_Problem_
Lines to return, exactly: from the line with "Hypothesis strictD : forall" to the line with "(rD d (Some" in the entries below, both included.

_Records to use_

Lemma rejections_more_capY x y :
  (x, y) \in rejections' -> rkY y (Some x) < rkY y None -> (x, y) \in rejections.
Proof.
move: x y; elim/da_rejections_ind: rejections' => [x y|R _ IH x y]; first by rewrite inE.
rewrite in_da_step => /orP[xy_R | /andP[xy_prop xy_notheld]] x_acc; first exact: IH.
apply: contraT => xy_unrej; have xy_da := proposal_in_da IH xy_prop xy_unrej.
set rivals := preferred (rkY y) (acceptable_in (rkY y) (partnersY (da_proposals capX rkX R) y)) x.
have full : capY' y <= #|rivals|.
  move: xy_notheld; rewrite in_held in_choice in_acceptable_in in_partnersY.
  by rewrite xy_prop x_acc -leqNgt.
have rivals_da : rivals \subset preferred (rkY y) (partnersY DA y) x.
  apply/subsetP => z; rewrite !in_preferred in_acceptable_in in_partnersY.
  move=> /andP[/andP[zy_prop z_acc] zx]; rewrite zx andbT in_partnersY.
  apply: proposal_in_da IH zy_prop _; apply/negP => zy_rej.
  have sub := subset_leq_card (preferred_trans (partnersY DA y) zx).
  have := leq_ltn_trans (leq_trans (da_rejected_capY zy_rej z_acc) sub) (da_capY xy_da).
  by rewrite ltnn.
have := leq_trans (capY_le y) (leq_trans full (subset_leq_card rivals_da)).
by move/leq_ltn_trans/(_ (da_capY xy_da)); rewrite ltnn.
Qed.

Lemma da_more_capY_lost x y : (x, y) \in DA -> (x, y) \notin DA' ->
  capX x <= #|preferred (rkX x) (partnersX DA' x) y|.
Proof.
move=> xy_da xy_out; have [y_acc x_acc] := da_acceptable xy_da.
have xy_unrej : (x, y) \notin rejections'.
  by apply: contra (da_not_rejected xy_da) => /rejections_more_capY; apply.
by case: (da_unrejected xy_unrej y_acc) => [xy_in|//]; rewrite xy_in in xy_out.
Qed.

End MoreReceiverCapacity.

Section Partners.
Variables (D H : finType).
Implicit Types (mu : {set D * H}) (d : D) (h : H).

Lemma partnerD_in mu d h : partnerD mu d = Some h -> (d, h) \in mu.
Proof. by rewrite /partnerD; case: pickP => // h' dh' [<-]. Qed.

Lemma partnerH_in mu d h : partnerH mu h = Some d -> (d, h) \in mu.
Proof. by rewrite /partnerH; case: pickP => // d' d'h [<-]. Qed.

Lemma matching_partnerD mu d h : is_matching mu -> (d, h) \in mu -> partnerD mu d = Some h.
Proof.
move=> [uniqD _] dh; rewrite /partnerD; case: pickP => [h' dh'|/(_ h)]; last by rewrite dh.
by rewrite (uniqD _ _ _ dh dh').
Qed.

Lemma matching_partnerH mu d h : is_matching mu -> (d, h) \in mu -> partnerH mu h = Some d.
Proof.
move=> [_ uniqH] dh; rewrite /partnerH; case: pickP => [d' d'h|/(_ d)]; last by rewrite dh.
by rewrite (uniqH _ _ _ dh d'h).
Qed.

End Partners.

Section Interviews.
Variables (D H : finType) (PH : H -> option D -> nat) (PD : D -> option H -> nat).
Variable iota : H -> nat.
Implicit Types (d : D) (h : H).

Local Notation nu k := (interview_matching PH PD iota k).

Lemma interview_acceptable k h d : (h, d) \in nu k ->
  PH h (Some d) < PH h None /\ PD d (Some h) < PD d None.
Proof. exact: da_acceptable. Qed.

Variables (kappa kappa' : D -> nat).
Hypothesis kappa_le : forall d, kappa d <= kappa' d.

Lemma interview_kept h e d : (h, e) \in nu kappa -> (h, d) \in nu kappa' ->
  PH h (Some e) < PH h (Some d) -> (h, e) \in nu kappa'.
Proof.
move=> he hd lt_ed; apply: contraT => he_out.
have h_full := da_more_capY_lost kappa_le he he_out.
have sub := subset_leq_card (preferred_trans (partnersX (nu kappa') h) lt_ed).
by have := leq_ltn_trans (leq_trans h_full sub) (da_capX hd); rewrite ltnn.
Qed.

Lemma interview_persists h d g : (h, d) \in nu kappa' -> (g, d) \in nu kappa ->
  PD d (Some h) < PD d (Some g) -> (h, d) \in nu kappa.
Proof.
move=> hd' gd lt_hg; apply: contraT => hd_out; have [d_acc h_acc] := interview_acceptable hd'.
case: (da_pairwise_stable d_acc h_acc hd_out) => [h_full | d_full].
  have sub : preferred (PH h) (partnersX (nu kappa) h) d \subset
             preferred (PH h) (partnersX (nu kappa') h) d.
    by apply: preferred_partnersX_sub => e he lt_ed; apply: interview_kept he hd' lt_ed.
  by have := leq_ltn_trans (leq_trans h_full (subset_leq_card sub)) (da_capX hd'); rewrite ltnn.
have sub := subset_leq_card (preferred_trans (partnersY (nu kappa) d) lt_hg).
by have := leq_ltn_trans (leq_trans d_full sub) (da_capY gd); rewrite ltnn.
Qed.

End Interviews.

Section FinalMatching.
Variables (D H : finType) (PH : H -> option D -> nat) (PD : D -> option H -> nat).
Hypothesis strictH : forall h, injective (PH h).
Hypothesis strictD : forall d, injective (PD d).
Variable nu : {set H * D}.
Hypothesis nu_acceptable : forall h d, (h, d) \in nu ->
  PH h (Some d) < PH h None /\ PD d (Some h) < PD d None.
Implicit Types (d : D) (h : H).

Local Notation rD := (restrictD PD nu).
Local Notation rH := (restrictH PH nu).
Local Notation mu := (deferred_acceptance (fun _ => 1) rD (fun _ => 1) rH).

Lemma restrictD_in h d : (h, d) \in nu -> rD d (Some h) = PD d (Some h).
Proof. by rewrite /restrictD => ->. Qed.

Lemma restrictH_in h d : (h, d) \in nu -> rH h (Some d) = PH h (Some d).
Proof. by rewrite /restrictH => ->. Qed.

Lemma restrictD_acceptable h d :
  (rD d (Some h) < rD d None) = ((h, d) \in nu) && (PD d (Some h) < PD d None).
Proof. by rewrite /restrictD; case: ifP => //= _; rewrite -addnA ltnNge leq_addr. Qed.
(* The homology $H_\bullet(D)$ of a projective link diagram $D$, constructed below, is invariant (up to isomorphism of triply graded modules) under changing the orientation of the diagram $D$ (equivalently, of any of its components).
   Context: Diagrams. Identify $\mathbb{R}\mathrm{P}^3\setminus\{*\}$ with the twisted $I$-bundle $\mathbb{R}\mathrm{P}^2\tilde\times I$ and project links to $\mathbb{R}\mathrm{P}^2$, viewed as a 2-disk with antipodal boundary points identified. Let $D$ be an oriented projective diagram with set of crossings $\mathcal{X}$, $|\mathcal{X}|=n$, ordered arbitrarily. Each crossing has a sign $\pm1$ by the right-hand rule. Each crossing can be smoothed in type $0$ (the Kauffman $A$-smoothing, carrying coefficient $A$ in the relation $L_\times=AL_0+A^{-1}L_\infty$) or type $1$ (the $B$-smoothing, coefficient $A^{-1}$). A state is $s\in\{0,1\}^{\mathcal X}$; the corresponding complete smoothing is a disjoint union of circles in $\mathbb{R}\mathrm{P}^2$, each trivial (bounding a disk) or projective (not); each state has at most one projective circle. Let $\#0(s),\#1(s)$ be the numbers of $0$'s and $1$'s in $s$. Modules. $V=\langle 1,X\rangle$ is the free bigraded $\mathbb{Z}$-module with $\deg 1=(-2,0)$, $\deg X=(2,0)$; $\overline V=\langle\bar 1,\bar X\rangle$ with $\deg\bar1=(0,1)$, $\deg\bar X=(0,-1)$. For bigraded modules, $W\wedge W'=\bigoplus_{j=j_1+j_2,k=k_1+k_2}W_{j_1,k_1}\wedge W'_{j_2,k_2}$ (the tensor product of the pieces, with the convention that it is associative and reordering factors of a product $W_1\wedge\cdots\wedge W_n$ by a permutation $\sigma$ multiplies by $\mathrm{sign}(\sigma)$). The shift is $W\{l\}_{j,k}=W_{j-l,k}$. For a state $s$, enumerate its circles with the projective circle (if any) last, and set $C_s=(V_1\wedge\cdots\wedge V_r)\{\#0(s)-\#1(s)\}$ or $C_s=(V_1\wedge\cdots\wedge V_{r}\wedge\overline V_{r+1})\{\#0(s)-\#1(s)\}$, one factor $V$ per trivial circle and $\overline V$ for the projective circle. Put $C^i=\bigoplus_{\#0(s)-\#1(s)=i}C_s$. Partial differentials. Orient every circle of every state arbitrarily. An edge is $\alpha\in\{0,1,\star\}^{\mathcal X}$ with exactly one $\star$, at crossing $c$; $s_0=\alpha_{\star\to0}$, $s_1=\alpha_{\star\to1}$. Passing from $s_0$ to $s_1$ is a bifurcation of type $2\to1$ (two circles merge), $1\to2$ (one circle splits), or $1\to1$ (one circle becomes one circle); all other circles correspond bijectively. Position $c$ so that its two outgoing diagram arcs point northwest and northeast and incoming arcs come from southwest and southeast. A circle of a state near $c$ is locally consistent at $c$ if its orientation agrees with the diagram orientation of the northeast arc or disagrees with that of the southwest arc, and locally inconsistent if it disagrees with the northeast arc or agrees with the southwest arc. Define $d_\alpha:C_{s_0}\to C_{s_1}$ by $d_\alpha=P_\rho\circ(\varphi\wedge\mathcal I)\circ P_\sigma$, where: $P_\sigma$ permutes wedge factors of $C_{s_0}$ (with sign of the permutation) so that the factors of the circles involved in the bifurcation come first, and for type $2\to1$ the first factor is the left circle if $c$ is positive and the top circle if $c$ is negative; $\varphi=m$ for type $2\to1$, $\varphi=\Delta$ for type $1\to2$ (the first output factor being the top circle if $c$ is positive and the left circle if $c$ is negative), and $\varphi=0$ for type $1\to1$; $\mathcal I$ acts on each remaining factor by $1\mapsto1$, $X\mapsto\pm X$ (resp. $\bar1\mapsto\bar1$, $\bar X\mapsto\pm\bar X$), with $+$ iff the chosen orientations of the corresponding circles in $s_0$ and $s_1$ agree; $P_\rho$ reorders the result into the factor order of $C_{s_1}$. In the formulas for $m,\Delta$, write $X'=\epsilon X$, $\bar X'=\epsilon\bar X$, where $\epsilon=+1$ if the circle carrying that factor is locally consistent at $c$ and $-1$ otherwise: $m:V\wedge V\to V$: $1\wedge1\mapsto1$, $1\wedge X'\mapsto X'$, $X'\wedge1\mapsto X'$, $X'\wedge X'\mapsto0$; $\Delta:V\to V\wedge V$: $1\mapsto 1_1\wedge X'_2+X'_1\wedge1_2$, $X'\mapsto X'_1\wedge X'_2$. $m:\overline V\wedge V\to\overline V$: $\bar1\wedge1\mapsto\bar1$, $\bar1\wedge X'\mapsto0$, $\bar X'\wedge1\mapsto\bar X'$, $\bar X'\wedge X'\mapsto0$; $\Delta:\overline V\to\overline V\wedge V$: $\bar1\mapsto\bar1_1\wedge X'_2$, $\bar X'\mapsto\bar X'_1\wedge X'_2$. $m:V\wedge\overline V\to\overline V$: $1\wedge\bar1\mapsto\bar1$, $1\wedge\bar X'\mapsto\bar X'$, $X'\wedge\bar1\mapsto0$, $X'\wedge\bar X'\mapsto0$; $\Delta:\overline V\to V\wedge\overline V$: $\bar1\mapsto X'_1\wedge\bar1_2$, $\bar X'\mapsto X'_1\wedge\bar X'_2$. The total differential is $d^{(i)}=\sum d_\alpha:C^i\to C^{i-2}$, summed over all edges $\alpha$ with $\#0(\alpha)-\#1(\alpha)=i-1$; it satisfies $d\circ d=0$. The homology is $H_i(D)=\ker d^{(i)}/\operatorname{im}d^{(i+2)}$, triply graded by $(i,j,k)$. *)

(* Combinatorial model of oriented projective link diagrams
   (diagrams in RP^2 = disk with antipodal boundary points identified) and of
   the chain complex / homology described in the paper. *)
From HB Require Import structures.
From mathcomp Require Import all_boot all_order all_algebra.
Set Implicit Arguments. Unset Strict Implicit. Unset Printing Implicit Defensive.
Import GRing.Theory Num.Theory.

_Solution for this exercise_
Hypothesis strictD : forall d, injective (PD d).
Variable nu : {set H * D}.
Hypothesis nu_acceptable : forall h d, (h, d) \in nu ->
  PH h (Some d) < PH h None /\ PD d (Some h) < PD d None.
Implicit Types (d : D) (h : H).

Local Notation rD := (restrictD PD nu).
Local Notation rH := (restrictH PH nu).
Local Notation mu := (deferred_acceptance (fun _ => 1) rD (fun _ => 1) rH).

Lemma restrictD_in h d : (h, d) \in nu -> rD d (Some h) = PD d (Some h).
Proof. by rewrite /restrictD => ->. Qed.

Lemma restrictH_in h d : (h, d) \in nu -> rH h (Some d) = PH h (Some d).
Proof. by rewrite /restrictH => ->. Qed.

Lemma restrictD_acceptable h d :
  (rD d (Some h) < rD d None) = ((h, d) \in nu) && (PD d (Some h) < PD d None).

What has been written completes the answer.